Les statuts de la Lusa excluent les membres de l’AR de la présidence du Conseil Consultatif.

Les statuts de la Lusa excluent les membres de l'AR de la présidence du Conseil Consultatif.

Le Conseil Consultatif, récemment créé, élira parmi ses membres un président, selon le document, mais celui-ci ne pourra pas être l’un des trois membres désignés par l’Assemblée de la République, conformément à l’article 18, n°4.

L’entité est également composée de cinq personnalités désignées par des associations représentatives des secteurs de la presse, de la radio, de la télévision, des médias régionaux et locaux, ainsi qu’une personnalité désignée par la RTP.

Elle intègre également deux personnalités désignées par la Commission des Travailleurs et le Conseil de Rédaction de Lusa, ainsi que trois personnalités désignées par les Régions Autonomes et l’Association Nationale des Municipalités Portugaises, et enfin, trois personnalités élues par l’Assemblée de la République.

Le Conseil Consultatif, qui n’a pas de pouvoirs de gestion, direction ou orientation sur les activités de l’agence, émettra des avis préalables et non contraignants sur l’élection des membres du Conseil d’Administration, la nomination du directeur de l’information ou d’autres sujets et se réunira une fois par trimestre.

Selon les statuts, le Conseil d’Administration de Lusa, désormais composé de trois membres, envoie annuellement à l’Assemblée de la République le plan d’activités et le budget, ainsi que le plan d’investissements, le rapport du service public et les rapports d’activités, des comptes et de la gouvernance d’entreprise.

« Dans la mesure où les règles régimentaires ou une délibération de l’Assemblée de la République le déterminent, le Conseil d’Administration et le directeur de l’information se présenteront devant la commission parlementaire compétente pour fournir des informations ou des éclaircissements sur le fonctionnement du service public, chaque fois que cela leur sera demandé », peut-on lire dans le document.

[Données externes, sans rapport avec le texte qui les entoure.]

(* Let $A>0$, $\phi>0$, $0<\gamma<1$, and $\alpha,\beta>0$ with $\alpha+\beta<1$. For $k,N>0$ define $n^*(k,N)=\frac{1-\alpha}{4\phi kN^{\gamma}}$ and $e^*(k,N)=\frac{2\alpha}{1-\alpha}\phi k^{2}N^{\gamma}$, and the map $F_C(k,N)=\big(A\,e^*(k,N)^{\alpha}k^{\beta},\ n^*(k,N)N\big)$. Let $(\bar k,\bar N)$ be the unique fixed point of $F_C$ with $\bar k,\bar N>0$. Write $\bar e=e^*(\bar k,\bar N)$ and let $$E_k=\frac{\partial e^*}{\partial k}(\bar k,\bar N)=\frac{4\alpha\phi}{1-\alpha}\bar k\bar N^{\gamma},\quad E_N=\frac{\partial e^*}{\partial N}(\bar k,\bar N)=\frac{2\alpha\gamma\phi}{1-\alpha}\bar k^{2}\bar N^{\gamma-1},$$ $$D_k=\frac{\partial n^*}{\partial k}(\bar k,\bar N)=-\frac{1-\alpha}{4\phi\bar k^{2}\bar N^{\gamma}},\quad D_N=\frac{\partial n^*}{\partial N}(\bar k,\bar N)=-\frac{\gamma(1-\alpha)}{4\phi\bar k\bar N^{\gamma+1}}.$$ Suppose $$1-\frac{\alpha\bar e^{\alpha-1}E_N\bar k^{\beta}D_k\bar N}{\alpha\bar e^{\alpha-1}E_k\bar k^{\beta}+\frac{\beta}{A}}-\frac{1}{A\alpha\bar e^{\alpha-1}E_k\bar k^{\beta}+\beta}<-D_N\bar N<1-\frac{A\alpha\bar e^{\alpha-1}E_N\bar k^{\beta}D_k\bar N}{1+A\alpha\bar e^{\alpha-1}E_k\bar k^{\beta}+\beta}$$ and $$A\alpha\bar e^{\alpha-1}E_k\bar k^{\beta}+\beta>1.$$ Then $(\bar k,\bar N)$ is locally asymptotically stable, i.e. both eigenvalues of the Jacobian matrix of $F_C$ at $(\bar k,\bar N)$ have modulus strictly less than $1$.
   Context: Overlapping-generations model with human capital $k_t$ and adult population $N_t$, in the case where parental childcare times are perfect complements; $n^*$ and $e^*$ are the household's optimal fertility and education spending and the dynamics are $(k_{t+1},N_{t+1})=F_C(k_t,N_t)$. The fixed point is $\bar k=(A^{1/\alpha}\alpha/2)^{\alpha/(1-\beta-\alpha)}$, $\bar N=\left(\frac{1-\alpha}{4\phi\bar k}\right)^{1/\gamma}$. *)

From HB Require Import structures.
From mathcomp Require Import all_boot all_order all_algebra.
From mathcomp Require Import all_classical all_reals all_analysis.
From mathcomp Require Import complex.
Set Implicit Arguments. Unset Strict Implicit. Unset Printing Implicit Defensive.
Import Order.TTheory GRing.Theory Num.Theory.
Local Open Scope ring_scope.

Section Model.
Variable R : realType.
Variables (A phi gamma alpha beta : R).

Definition nstar (k N : R) : R := (1 - alpha) / (4 * phi * k * N `^ gamma).
Definition estar (k N : R) : R :=
  (2 * alpha) / (1 - alpha) * phi * k ^+ 2 * N `^ gamma.

Definition FC1 (k N : R) : R := A * (estar k N) `^ alpha * k `^ beta.
Definition FC2 (k N : R) : R := nstar k N * N.

Definition pd_k (f : R -> R -> R) (k N : R) : R := derive1 (fun x => f x N) k.
Definition pd_N (f : R -> R -> R) (k N : R) : R := derive1 (fun y => f k y) N.

Definition jacFC (k N : R) : 'M[R]_2 :=
  \matrix_(i < 2, j < 2)
    if i == ord0 then (if j == ord0 then pd_k FC1 k N else pd_N FC1 k N)
    else (if j == ord0 then pd_k FC2 k N else pd_N FC2 k N).

Definition Ek (kb Nb : R) : R := 4 * alpha * phi / (1 - alpha) * kb * Nb `^ gamma.
Definition EN (kb Nb : R) : R :=
  2 * alpha * gamma * phi / (1 - alpha) * kb ^+ 2 * Nb `^ (gamma - 1).
Definition Dk (kb Nb : R) : R := - ((1 - alpha) / (4 * phi * kb ^+ 2 * Nb `^ gamma)).
Definition DN (kb Nb : R) : R :=
  - (gamma * (1 - alpha) / (4 * phi * kb * Nb `^ (gamma + 1))).

End Model.

Definition eigen_in_unit_disk (R : realType) (n : nat) (J : 'M[R]_n) : Prop :=
  forall lam : R[i], eigenvalue (map_mx (fun x : R => (x%:C)%C) J) lam -> `|lam| < 1.

From HB Require Import structures.
From mathcomp Require Import all_boot all_order all_algebra.
From mathcomp Require Import all_classical all_reals all_analysis.
From mathcomp Require Import complex.
From mathcomp Require Import ring lra.
Set Implicit Arguments. Unset Strict Implicit. Unset Printing Implicit Defensive.
Import Order.TTheory GRing.Theory Num.Theory.
Local Open Scope ring_scope.

(* At the fixed point n*(kb, Nb) = 1, i.e. 4 phi kb Nb^gamma = 1 - alpha, and
   e*(kb, Nb) = alpha kb / 2.  Both components of F_C are power products in k
   and N, so each partial derivative is elasticity * value / variable, and
   elasticities add up along products and powers.  Since F_C fixes (kb, Nb),
   the Jacobian there is [[2 alpha + beta, alpha gamma kb / Nb];
   [- Nb / kb, 1 - gamma]], with trace T = 2 alpha + beta + 1 - gamma and
   determinant D = (2 alpha + beta) (1 - gamma) + alpha gamma.  By the Jury
   criterion both roots of z^2 - T z + D lie in the open unit disk when D < 1,
   1 - T + D > 0 and 1 + T + D > 0.  Here 1 - T + D = gamma (1 - alpha - beta),
   the third condition is automatic, and evaluating Ek, EN, Dk, DN at the fixed
   point turns the lower bound of the hypothesis into D < 1. *)

Lemma mxtrace2 (R : pzSemiRingType) (A : 'M[R]_2) : \tr A = A 0 0 + A 1 1.
Proof.
by rewrite /mxtrace !big_ord_recl big_ord0 addr0; congr (A _ _ + A _ _); apply: val_inj.
Qed.

Lemma det_mx2 (R : comPzRingType) (A : 'M[R]_2) :
  \det A = A 0 0 * A 1 1 - A 0 1 * A 1 0.
Proof.
rewrite (expand_det_row _ 0) !big_ord_recl big_ord0 addr0 /cofactor !det_mx11 !mxE /=.
have -> : lift ord0 ord0 = 1 :> 'I_2 by apply: val_inj.
have -> : lift 1 0 = 0 :> 'I_2 by apply: val_inj.
have -> : ord0 = 0 :> 'I_2 by apply: val_inj.
rewrite /= expr0 expr1; ring.
Qed.

Lemma char_poly2 (R : comNzRingType) (A : 'M[R]_2) :
  char_poly A = 'X^2 - (\tr A)%:P * 'X + (\det A)%:P.
Proof.
rewrite /char_poly det_mx2 mxtrace2 det_mx2 /char_poly_mx !mxE /=.
rewrite ?rmorphD ?rmorphB ?rmorphM /=.
by rewrite polyCN; ring.
Qed.

Lemma eigenvalue_map_mx2 (R : realType) (J : 'M[R]_2) (lam : R[i]) :
  eigenvalue (map_mx (real_complex R) J) lam ->
  lam ^+ 2 - (\tr J)%:C%C * lam + (\det J)%:C%C = 0.
Proof.
rewrite eigenvalue_root_char char_poly2 trace_map_mx det_map_mx => /rootP.
by rewrite !hornerE.
Qed.

Lemma real_quad_root_sqr_lt1 (R : realFieldType) (T D x : R) :
  D < 1 -> 0 < 1 - T + D -> 0 < 1 + T + D ->
  x ^+ 2 - T * x + D = 0 -> x ^+ 2 < 1.
Proof.
move=> hD h1 h2 hx.
have lt1 : x < 1.
  rewrite ltNge; apply/negP => x_ge1.
  have : x * (1 - T + D) = - ((x - 1) * (x - D)) by rewrite -[RHS]addr0 -hx; ring.
  nra.
have gtN1 : -1 < x.
  rewrite ltNge; apply/negP => x_leN1.
  have : x * (1 + T + D) = (x + 1) * (x + D) by rewrite -[RHS]subr0 -hx; ring.
  nra.
nra.
Qed.

Lemma quad_root_norm_lt1 (R : rcfType) (T D : R) (lam : R[i]) :
  D < 1 -> 0 < 1 - T + D -> 0 < 1 + T + D ->
  lam ^+ 2 - T%:C%C * lam + D%:C%C = 0 -> `|lam| < 1.
Proof.
move=> hD h1 h2; case: lam => x y.
rewrite expr2; simpc => /eqP; rewrite eq_complex /= => /andP[/eqP re /eqP im].
rewrite -sqrtr1 ltr_sqrt ?ltr01 //.
have [y0 | y_neq0] := eqVneq y 0.
  subst y; rewrite expr0n addr0; apply: (real_quad_root_sqr_lt1 hD h1 h2).
  by rewrite -re expr2; ring.
(* a non-real root comes with its conjugate, so Re lam = T / 2 and |lam|^2 = D *)
have tr : T = x *+ 2.
  apply/eqP; rewrite eq_sym -subr_eq0 -(mulIr_eq0 _ (mulIf y_neq0)).
  by rewrite -im; apply/eqP; ring.
suff -> : x ^+ 2 + y ^+ 2 = D by [].
by rewrite -[RHS]subr0 -re tr; ring.
Qed.

Lemma eigen_in_unit_disk_mx2 (R : realType) (J : 'M[R]_2) :
  \det J < 1 -> 0 < 1 - \tr J + \det J -> 0 < 1 + \tr J + \det J ->
  eigen_in_unit_disk J.
Proof. by move=> hD h1 h2 lam /eigenvalue_map_mx2; apply: quad_root_norm_lt1. Qed.

Lemma powRB1 (R : realType) (x a : R) : 0 < x -> x `^ (a - 1) = x `^ a / x.
Proof. by move=> x_gt0; rewrite powRB ?(gt_eqF x_gt0) ?implybT // powRr1 // ltW. Qed.

Lemma powRD1 (R : realType) (x a : R) : 0 < x -> x `^ (a + 1) = x `^ a * x.
Proof. by move=> x_gt0; rewrite powRD ?(gt_eqF x_gt0) ?implybT // powRr1 // ltW. Qed.

Section Elasticity.
Context {R : realType}.
Implicit Types (f g : R -> R) (x a e : R).

Definition has_elasticity f x e := is_derive x 1 f (e * f x / x).

Lemma has_elasticity_eq f x e e' :
  has_elasticity f x e -> e = e' -> has_elasticity f x e'.
Proof. by move=> ? <-. Qed.

Lemma derive1_elasticity f x e : has_elasticity f x e -> derive1 f x = e * f x / x.
Proof. by rewrite /has_elasticity => df; rewrite derive1E derive_val. Qed.

Lemma elasticity_cst (c x : R) : has_elasticity (fun=> c) x 0.
Proof. by rewrite /has_elasticity !mul0r; apply: is_derive_cst. Qed.

Lemma elasticity_id x : x != 0 -> has_elasticity id x 1.
Proof. by move=> x_neq0; rewrite /has_elasticity mul1r divff //; apply: is_derive_id. Qed.

Lemma elasticityM f g x a b : has_elasticity f x a -> has_elasticity g x b ->
  has_elasticity (fun y => f y * g y) x (a + b).
Proof.
rewrite /has_elasticity => df dg; apply: (is_derive_eq (is_deriveM df dg)).
by rewrite /GRing.scale /=; ring.
Qed.

Lemma elasticityV f x a : has_elasticity f x a -> f x != 0 ->
  has_elasticity (fun y => (f y)^-1) x (- a).
Proof.
rewrite /has_elasticity => df fx_neq0; apply: (is_derive_eq (is_deriveV fx_neq0 df)).
by rewrite /GRing.scale /= [LHS]mulrA; congr (_ / x); field.
Qed.

Lemma elasticityX f x a n : has_elasticity f x a ->
  has_elasticity (fun y => f y ^+ n) x (n%:R * a).
Proof.
rewrite /has_elasticity -exprfctE => df; apply: (is_derive_eq (is_deriveX n df)).
rewrite /GRing.scale /= [LHS]mulrA; congr (_ / x).
by case: n => [|n]; rewrite ?mul0r //= exprS; ring.
Qed.

Lemma elasticity_powR f x e a : has_elasticity f x e -> 0 < f x ->
  has_elasticity (fun y => f y `^ a) x (a * e).
Proof.
rewrite /has_elasticity => df fx_gt0.
apply: (is_derive_eq (is_derive1_comp (is_derive1_powR a fx_gt0) df)).
have fx_neq0 : f x != 0 by rewrite gt_eqF.
by rewrite powRB1 // [LHS]mulrA; congr (_ / x); field.
Qed.

End Elasticity.

Section ModelElasticities.
Variables (R : realType) (A phi gamma alpha beta k N : R).
Hypotheses (phi_gt0 : 0 < phi) (alpha_gt0 : 0 < alpha) (alpha_lt1 : alpha < 1).
Hypotheses (k_gt0 : 0 < k) (N_gt0 : 0 < N).

Let k_neq0 : k != 0. Proof. exact: lt0r_neq0. Qed.
Let N_neq0 : N != 0. Proof. exact: lt0r_neq0. Qed.

Lemma estar_gt0 : 0 < estar phi gamma alpha k N.
Proof.
by rewrite /estar !mulr_gt0 ?exprn_gt0 ?powR_gt0 ?invr_gt0 ?subr_gt0.
Qed.

Lemma estar_elasticity_k : has_elasticity (estar phi gamma alpha ^~ N) k 2.
Proof.
apply: (has_elasticity_eq (elasticityM (elasticityM (elasticity_cst _ _)
  (elasticityX 2 (elasticity_id k_neq0))) (elasticity_cst _ _))).
ring.
Qed.

Lemma estar_elasticity_N : has_elasticity (estar phi gamma alpha k) N gamma.
Proof.
apply: (has_elasticity_eq (elasticityM (elasticity_cst _ _)
  (elasticity_powR gamma (elasticity_id N_neq0) N_gt0))).
ring.
Qed.

Lemma FC1_elasticity_k :
  has_elasticity (FC1 A phi gamma alpha beta ^~ N) k (2 * alpha + beta).
Proof.
apply: (has_elasticity_eq (elasticityM (elasticityM (elasticity_cst _ _)
  (elasticity_powR alpha estar_elasticity_k estar_gt0))
  (elasticity_powR beta (elasticity_id k_neq0) k_gt0))).
ring.
Qed.

Lemma FC1_elasticity_N :
  has_elasticity (FC1 A phi gamma alpha beta k) N (alpha * gamma).
Proof.
apply: (has_elasticity_eq (elasticityM (elasticityM (elasticity_cst _ _)
  (elasticity_powR alpha estar_elasticity_N estar_gt0)) (elasticity_cst _ _))).
ring.
Qed.

Let denom_neq0 : 4 * phi * k * N `^ gamma != 0.
Proof. by rewrite lt0r_neq0 // !mulr_gt0 ?powR_gt0. Qed.

Lemma FC2_elasticity_k : has_elasticity (FC2 phi gamma alpha ^~ N) k (-1).
Proof.
apply: (has_elasticity_eq (elasticityM (elasticityM (elasticity_cst _ _)
  (elasticityV (elasticityM (elasticityM (elasticity_cst _ _)
     (elasticity_id k_neq0)) (elasticity_cst _ _)) denom_neq0)) (elasticity_cst _ _))).
ring.
Qed.

Lemma FC2_elasticity_N : has_elasticity (FC2 phi gamma alpha k) N (1 - gamma).
Proof.
apply: (has_elasticity_eq (elasticityM (elasticityM (elasticity_cst _ _)
  (elasticityV (elasticityM (elasticity_cst _ _)
     (elasticity_powR gamma (elasticity_id N_neq0) N_gt0)) denom_neq0))
  (elasticity_id N_neq0))).
ring.
Qed.

End ModelElasticities.

Section FixedPoint.
Variables (R : realType) (A phi gamma alpha beta kb Nb : R).
Hypotheses (A_gt0 : 0 < A) (phi_gt0 : 0 < phi) (alpha_gt0 : 0 < alpha)
  (alpha_lt1 : alpha < 1) (beta_gt0 : 0 < beta) (kb_gt0 : 0 < kb) (Nb_gt0 : 0 < Nb).
Hypotheses (fixed_k : FC1 A phi gamma alpha beta kb Nb = kb)
  (fixed_N : FC2 phi gamma alpha kb Nb = Nb).

Let kb_neq0 : kb != 0. Proof. exact: lt0r_neq0. Qed.
Let Nb_neq0 : Nb != 0. Proof. exact: lt0r_neq0. Qed.
Let Ng_gt0 : 0 < Nb `^ gamma. Proof. exact: powR_gt0. Qed.

Let alpha1_neq0 : 1 - alpha != 0. Proof. by rewrite subr_eq0 gt_eqF. Qed.
Let A_neq0 : A != 0. Proof. exact: lt0r_neq0. Qed.
Let alpha_neq0 : alpha != 0. Proof. exact: lt0r_neq0. Qed.
Let ab_neq0 : 2 * alpha + beta != 0. Proof. by rewrite gt_eqF // addr_gt0 ?mulr_gt0. Qed.

Lemma nstar_fixed : nstar phi gamma alpha kb Nb = 1.
Proof. by apply: (mulIf Nb_neq0); rewrite mul1r. Qed.

Lemma phi_fixed : phi = (1 - alpha) / (4 * kb * Nb `^ gamma).
Proof.
by rewrite (divr1_eq nstar_fixed); field; rewrite kb_neq0 gt_eqF.
Qed.

Lemma estar_fixed : estar phi gamma alpha kb Nb = alpha * kb / 2.
Proof. by rewrite /estar phi_fixed; field; rewrite alpha1_neq0 kb_neq0 gt_eqF. Qed.

Lemma estar_powR_fixed :
  estar phi gamma alpha kb Nb `^ (alpha - 1) * kb `^ beta = 2 / (alpha * A).
Proof.
have fixed := fixed_k; rewrite /FC1 estar_fixed in fixed.
have e_gt0 : 0 < alpha * kb / 2 by rewrite !mulr_gt0.
have kbb_gt0 : 0 < kb `^ beta by rewrite powR_gt0.
rewrite estar_fixed powRB1 //.
have -> : (alpha * kb / 2) `^ alpha = kb / (A * kb `^ beta).
  by rewrite -{2}fixed; field; rewrite !gt_eqF.
by field; rewrite !gt_eqF.
Qed.

Lemma Ek_fixed : Ek phi gamma alpha kb Nb = alpha.
Proof. by rewrite /Ek phi_fixed; field; rewrite alpha1_neq0 kb_neq0 gt_eqF. Qed.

Le ministre de la Présidence a défendu aujourd’hui que le contrôle sur Lusa a été renforcé, notamment par la création du Conseil Consultatif, dans le cadre du nouveau modèle de gouvernance, et a fermement rejeté toute idée de contrôle de l’agence de presse.

« Nous avons renforcé le contrôle avec le Conseil Consultatif », a souligné le ministre lors d’une audition à la commission parlementaire de la Culture, de la Communication, de la Jeunesse et du Sport, en réponse au PS, qui a maintes fois questionné les statuts de Lusa, amenant le ministre à partager le document avec le député.

Le ministre a remis en question cette idée de contrôle politique, rappelant que « il y a deux mois » Lusa était contrôlée par l’État avec une administration dirigée par Joaquim Carreira, qui avait été nommé « par un gouvernement socialiste sans aucun contrôle externe ».

A plusieurs reprises, António Leitão Amaro a affirmé que la formulation des normes statutaires de Lusa est conforme à la loi et que la Direction de l’Information (DI) est invitée à fournir des informations au parlement.

« Cela n’a aucun effet juridique d’imposition, nous avons pris soin lors de la rédaction des statuts », a-t-il renforcé.

Le PS a demandé au ministre comment un « acte sociétal, un acte d’une entreprise, même s’il s’agit d’une entreprise à capital exclusivement public, peut prétendre imposer à l’Assemblée de la République la présence d’un organe interne de cette entreprise », en faisant allusion à la Direction de l’Information de Lusa.

« Concrètement, comment un acte sociétal, un acte d’une entreprise peut-il déterminer que l’Assemblée de la République élit un certain nombre de personnalités comme ordre de cette entreprise, alors que l’Assemblée de la République n’a pas été consultée dans cette décision », a interrogé le député socialiste Porfírio Silva.

Et d’insister : « Monsieur le ministre, selon votre compréhension, une entreprise peut-elle prendre des décisions sur la représentation externe de l’Assemblée de la République ? ».

En réponse, le ministre a dit que « cela ne peut ni sur la représentation externe de l’Assemblée de la République, ni sur son organisation interne ».

C’est pourquoi « la formulation de la norme statutaire sur le contrôle parlementaire comporte ces deux éléments : un devoir de partage d’informations et de divulgation d’un ensemble de choses, et un devoir d’envoyer à l’Assemblée de la République pour quelque chose qu’elle souhaite et, en ce qui concerne les auditions, un devoir de disponibilité régulière pour les auditions », a-t-il poursuivi.

« C’est une décision que l’Assemblée de la République prendra, elle est invitée à participer, si elle ne veut pas, tout va bien », a-t-il répondu.